The next few cells are just to show you how to configure pythons logging module to write to a logfile in the directory where we do the simulation. It is not necessary to run aimmd but it might be helpful to find out what went wrong if something does.

In [4]:
# setup logging
# executing this file sets the variable LOGCONFIG, which is a dictionary of logging presets 
%run ../resources/logconf.py

In [5]:
# have a look at the default logging level (the level used for the root logger)
print(LOGCONFIG["loggers"][""])
# have a look at the logger for aimmd
print(LOGCONFIG["loggers"]["aimmd"])
# and have a look at the log-level for the filehandler
print(LOGCONFIG["handlers"]["stdf"])
# the last two should both be `INFO`

{'level': 'WARN', 'handlers': ['stdf', 'warnout']}
{'level': 'INFO'}
{'class': 'logging.FileHandler', 'level': 'INFO', 'mode': 'w', 'filename': 'simulation.log', 'formatter': 'standardFormatter'}


In [6]:
# OPTIONAL: more logging to file
level = "INFO"
LOGCONFIG["handlers"]["stdf"]["level"] = level
LOGCONFIG["loggers"]["aimmd"]["level"] = level
LOGCONFIG["loggers"]["asyncmd"] = {"level": level}

In [7]:
# you can either modify single values or use it as is to get the same setup as in the OPS default logging config file
# you could e.g. do LOGCONF['handlers']['stdf']['filename'] = new_name to change the filename of the log
# the default is to create 'simulation.log' and 'initialization.log' in the current working directory
import logging.config
LOGCONFIG["handlers"]["stdf"]["filename"] = os.path.join(workdir, "simulation_pathsampling.log")
LOGCONFIG["handlers"]["initf"]["filename"] = os.path.join(workdir, "initlog_pathsampling.log")
logging.config.dictConfig(LOGCONFIG)

## Setup the TPS simulation

To setup the TPS we need the following:
 - Decide how many Markov chain samplers we want to run in parallel
 - Create a storage file to save our models, trainset and other simulation results
 - Define the metastable states to know when to stop the integration (and what defines a transition)
 - Define the underlying dynamics (through defining a gromacs engine with its options)
 - Load our initial transitions, here we will use the three transitions that are part of the repository.
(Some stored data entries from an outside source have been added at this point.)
(* Let $n\ge1$, let $A\in\mathbb{C}^{2n\times 2n}$ be Hamiltonian, and let $f$ and $\operatorname{grad} f$ be as in the context. Then for every unitary symplectic $Z\in\mathbb{C}^{2n\times 2n}$ there exist a symplectic rotation $R(i,j,\phi,\alpha)$ of one of the three types (R1), (R2), (R3) (with admissible pivot pair $(i,j)$ for that type) and an angle $\alpha$ such that $$\big|\langle \operatorname{grad} f(Z),\, Z\dot R(i,j,0,\alpha)\rangle_{\mathbb{R}}\big|\ \ge\ \eta\,\|\operatorname{grad} f(Z)\|_F,\qquad \eta=\frac{2}{\sqrt{4n^2-2n}},$$ where $\dot R(i,j,0,\alpha)=\frac{\partial}{\partial\phi}R(i,j,\phi,\alpha)\big|_{\phi=0}$.
   Context: $J=J_{2n}=\begin{bmatrix}0&I_n\\-I_n&0\end{bmatrix}$; $A$ is Hamiltonian if $(JA)^H=JA$; $Z$ is symplectic if $Z^HJZ=J$. $f(Z)=\|\operatorname{diag}(Z^HAZ)\|_F^2=\sum_{j}|\langle AZe_j,Ze_j\rangle|^2$ on the manifold $\mathcal{M}$ of unitary symplectic matrices; $\langle X,Y\rangle_{\mathbb{R}}=\operatorname{Re}\operatorname{tr}(X^HY)$; $\operatorname{grad} f(Z)$ is the orthogonal projection of the Euclidean gradient $\big[\partial\tilde f/\partial\operatorname{Re}z_{jk}+\imath\,\partial\tilde f/\partial\operatorname{Im}z_{jk}\big]$ of $\tilde f(Z)=\sum_j|\langle AZe_j,Ze_j\rangle|^2$ onto $T_Z\mathcal{M}=\{ZK: K\text{ skew-Hermitian Hamiltonian}\}$. Write $c=\cos\phi$, $s=e^{\imath\alpha}\sin\phi$. All rotations equal $I_{2n}$ except in the listed entries: (R1) for $1\le i\le n$, $j=n+i$ (and $\alpha=0$): $R_{ii}=R_{n+i,n+i}=\cos\phi$, $R_{i,n+i}=-\sin\phi$, $R_{n+i,i}=\sin\phi$. (R2) for $1\le i<j\le n$: $R_{ii}=R_{jj}=R_{n+i,n+i}=R_{n+j,n+j}=c$, $R_{ij}=R_{n+i,n+j}=-s$, $R_{ji}=R_{n+j,n+i}=\bar s$. (R3) for $1\le i\le n$, $n+i<j\le 2n$ (so $i<j-n\le n$): $R_{ii}=R_{j-n,j-n}=R_{n+i,n+i}=R_{jj}=c$, $R_{ij}=-s$, $R_{j-n,n+i}=-\bar s$, $R_{n+i,j-n}=s$, $R_{ji}=\bar s$. Each such $R(i,j,\phi,\alpha)$ is unitary symplectic. *)

(* complex numbers are modelled by algC (numClosedFieldType). *)
From HB Require Import structures.
From mathcomp Require Import all_boot all_order all_algebra all_field.
Set Implicit Arguments. Unset Strict Implicit. Unset Printing Implicit Defensive.
Import Order.TTheory GRing.Theory Num.Theory.
Local Open Scope ring_scope.

Definition mxH (m k : nat) (X : 'M[algC]_(m, k)) : 'M[algC]_(k, m) :=
  (map_mx (@Num.conj _) X)^T.

Definition Jmx (n : nat) : 'M[algC]_(n + n) := block_mx 0 1%:M (- 1%:M) 0.

Definition hamiltonian (n : nat) (A : 'M[algC]_(n + n)) : Prop :=
  mxH (Jmx n *m A) = Jmx n *m A.

Definition symplectic (n : nat) (Z : 'M[algC]_(n + n)) : Prop :=
  mxH Z *m Jmx n *m Z = Jmx n.

Definition unitary (n : nat) (Z : 'M[algC]_(n + n)) : Prop :=
  mxH Z *m Z = 1%:M.

Definition unitary_symplectic n (Z : 'M[algC]_(n + n)) : Prop :=
  unitary Z /\ symplectic Z.

Definition skew_hermitian_hamiltonian n (K : 'M[algC]_(n + n)) : Prop :=
  mxH K = - K /\ hamiltonian K.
Generating initial transitions can be facilitated in a multitude of ways (high temperature/pressure/etc, pulling, steered MD, ...) and can/should take into account previous knowledge of the system. For an example on how to generate initial transitions if you have access (or can generate) configurations close to a putative transition state see the CommittorSimulation notebook.
 - Define the reaction coordinate model and the space it is learning in by choosing the `descriptor_transform` (which transforms from configurations to descriptor space)
 - Define the sampling scheme, i.e. how we generate new trials (here we will use two way shooting moves with random velocities).
 - Create a trainset into which we will add the simulation results (shooting outcomes).
 - Define the `Task`s to run after a specified number of trials. These are used to e.g. train the reaction coordinate model or save the trainset, model and brain at specified intervals. They are similar to the openpathsampling concept of hooks.
 - Set the initial transitions for each Markov chain sampler

### Number of Markov chains

In [8]:
n_samplers = 5  # results in 2*n_samplers gmx engines

### Create storage file

In [9]:
storage = aimmd.Storage(os.path.join(workdir, "storage.h5"))

### State definition

`alpha_R` and `C7_eq` are python functions (using MDAnalysis) to claculate for each frame of a trajctory if it belongs to the respective state or not (returning an array of `True` and `False` values). We wrapp them using `asyncmd`s TrajectoryFunctionWrapper to make them awaitable and run in parallel where possible (e.g. when the code releases the GIL or when you use the SlurmTrajectoryFunctionWrapper to submit the calculation via SLURM).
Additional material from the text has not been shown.